[Records for this exercise Boundary: Start]

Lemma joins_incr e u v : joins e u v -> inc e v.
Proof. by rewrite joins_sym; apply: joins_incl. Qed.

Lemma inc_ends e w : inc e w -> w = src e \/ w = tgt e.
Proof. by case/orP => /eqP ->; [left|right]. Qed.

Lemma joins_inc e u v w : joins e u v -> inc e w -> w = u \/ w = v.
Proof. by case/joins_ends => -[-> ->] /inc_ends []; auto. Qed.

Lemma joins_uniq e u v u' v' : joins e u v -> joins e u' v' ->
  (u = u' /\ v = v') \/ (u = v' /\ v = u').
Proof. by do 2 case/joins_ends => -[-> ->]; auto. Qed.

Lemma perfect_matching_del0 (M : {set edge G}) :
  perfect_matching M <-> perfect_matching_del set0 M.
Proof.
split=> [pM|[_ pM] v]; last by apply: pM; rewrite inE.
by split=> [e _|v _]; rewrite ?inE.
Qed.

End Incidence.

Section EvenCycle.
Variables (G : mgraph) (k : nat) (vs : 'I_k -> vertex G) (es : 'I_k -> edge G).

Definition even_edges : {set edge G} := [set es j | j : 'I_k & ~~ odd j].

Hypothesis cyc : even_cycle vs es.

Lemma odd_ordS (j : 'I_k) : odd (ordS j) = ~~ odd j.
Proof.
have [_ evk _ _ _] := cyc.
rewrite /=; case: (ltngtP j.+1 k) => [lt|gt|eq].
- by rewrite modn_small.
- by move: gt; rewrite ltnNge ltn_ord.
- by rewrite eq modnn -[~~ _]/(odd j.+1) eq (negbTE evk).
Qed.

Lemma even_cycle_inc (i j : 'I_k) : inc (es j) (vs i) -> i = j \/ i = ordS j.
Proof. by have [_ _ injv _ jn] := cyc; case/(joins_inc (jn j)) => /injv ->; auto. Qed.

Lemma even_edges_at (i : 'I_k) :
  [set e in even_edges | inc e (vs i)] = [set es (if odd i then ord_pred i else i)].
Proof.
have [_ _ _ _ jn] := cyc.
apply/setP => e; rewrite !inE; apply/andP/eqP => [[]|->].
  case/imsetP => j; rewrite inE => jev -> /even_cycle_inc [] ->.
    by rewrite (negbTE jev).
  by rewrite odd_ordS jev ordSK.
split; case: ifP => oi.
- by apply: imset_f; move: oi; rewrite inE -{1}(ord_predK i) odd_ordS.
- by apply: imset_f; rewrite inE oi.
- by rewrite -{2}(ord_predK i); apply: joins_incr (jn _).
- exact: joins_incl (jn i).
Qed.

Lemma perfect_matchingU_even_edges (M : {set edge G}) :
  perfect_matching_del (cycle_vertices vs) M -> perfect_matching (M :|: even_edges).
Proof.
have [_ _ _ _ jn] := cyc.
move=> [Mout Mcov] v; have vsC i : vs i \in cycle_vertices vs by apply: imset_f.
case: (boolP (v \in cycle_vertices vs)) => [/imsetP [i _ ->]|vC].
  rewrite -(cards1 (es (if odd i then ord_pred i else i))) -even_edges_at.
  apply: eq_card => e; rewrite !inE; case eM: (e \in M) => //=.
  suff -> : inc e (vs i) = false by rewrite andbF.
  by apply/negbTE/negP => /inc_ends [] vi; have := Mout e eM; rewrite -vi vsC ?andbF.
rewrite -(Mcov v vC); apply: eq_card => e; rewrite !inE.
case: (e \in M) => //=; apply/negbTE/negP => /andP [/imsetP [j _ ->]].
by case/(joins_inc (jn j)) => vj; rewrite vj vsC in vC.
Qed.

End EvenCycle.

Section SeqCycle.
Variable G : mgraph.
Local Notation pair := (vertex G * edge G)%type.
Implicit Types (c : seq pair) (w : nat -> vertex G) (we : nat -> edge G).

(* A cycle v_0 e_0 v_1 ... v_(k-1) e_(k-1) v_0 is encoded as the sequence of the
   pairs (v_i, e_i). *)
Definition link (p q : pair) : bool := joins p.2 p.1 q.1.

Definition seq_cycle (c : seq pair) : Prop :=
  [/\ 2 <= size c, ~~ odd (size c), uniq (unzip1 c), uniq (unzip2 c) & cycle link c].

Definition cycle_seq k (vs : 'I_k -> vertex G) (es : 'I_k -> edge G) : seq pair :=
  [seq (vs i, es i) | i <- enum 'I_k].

[Records for this exercise Boundary: End]

• What to produce:
The reply should consist solely of the lines of the data, exact, from the opening line through the line with "j : 'I_k & ~~ odd j].", inclusive.

• Expected output:
Lemma joins_incr e u v : joins e u v -> inc e v.
Proof. by rewrite joins_sym; apply: joins_incl. Qed.

Lemma inc_ends e w : inc e w -> w = src e \/ w = tgt e.
Proof. by case/orP => /eqP ->; [left|right]. Qed.

Lemma joins_inc e u v w : joins e u v -> inc e w -> w = u \/ w = v.
Proof. by case/joins_ends => -[-> ->] /inc_ends []; auto. Qed.

Lemma joins_uniq e u v u' v' : joins e u v -> joins e u' v' ->
  (u = u' /\ v = v') \/ (u = v' /\ v = u').
Proof. by do 2 case/joins_ends => -[-> ->]; auto. Qed.

Lemma perfect_matching_del0 (M : {set edge G}) :
  perfect_matching M <-> perfect_matching_del set0 M.
Proof.
split=> [pM|[_ pM] v]; last by apply: pM; rewrite inE.
by split=> [e _|v _]; rewrite ?inE.
Qed.

End Incidence.

Section EvenCycle.
Variables (G : mgraph) (k : nat) (vs : 'I_k -> vertex G) (es : 'I_k -> edge G).

Definition even_edges : {set edge G} := [set es j | j : 'I_k & ~~ odd j].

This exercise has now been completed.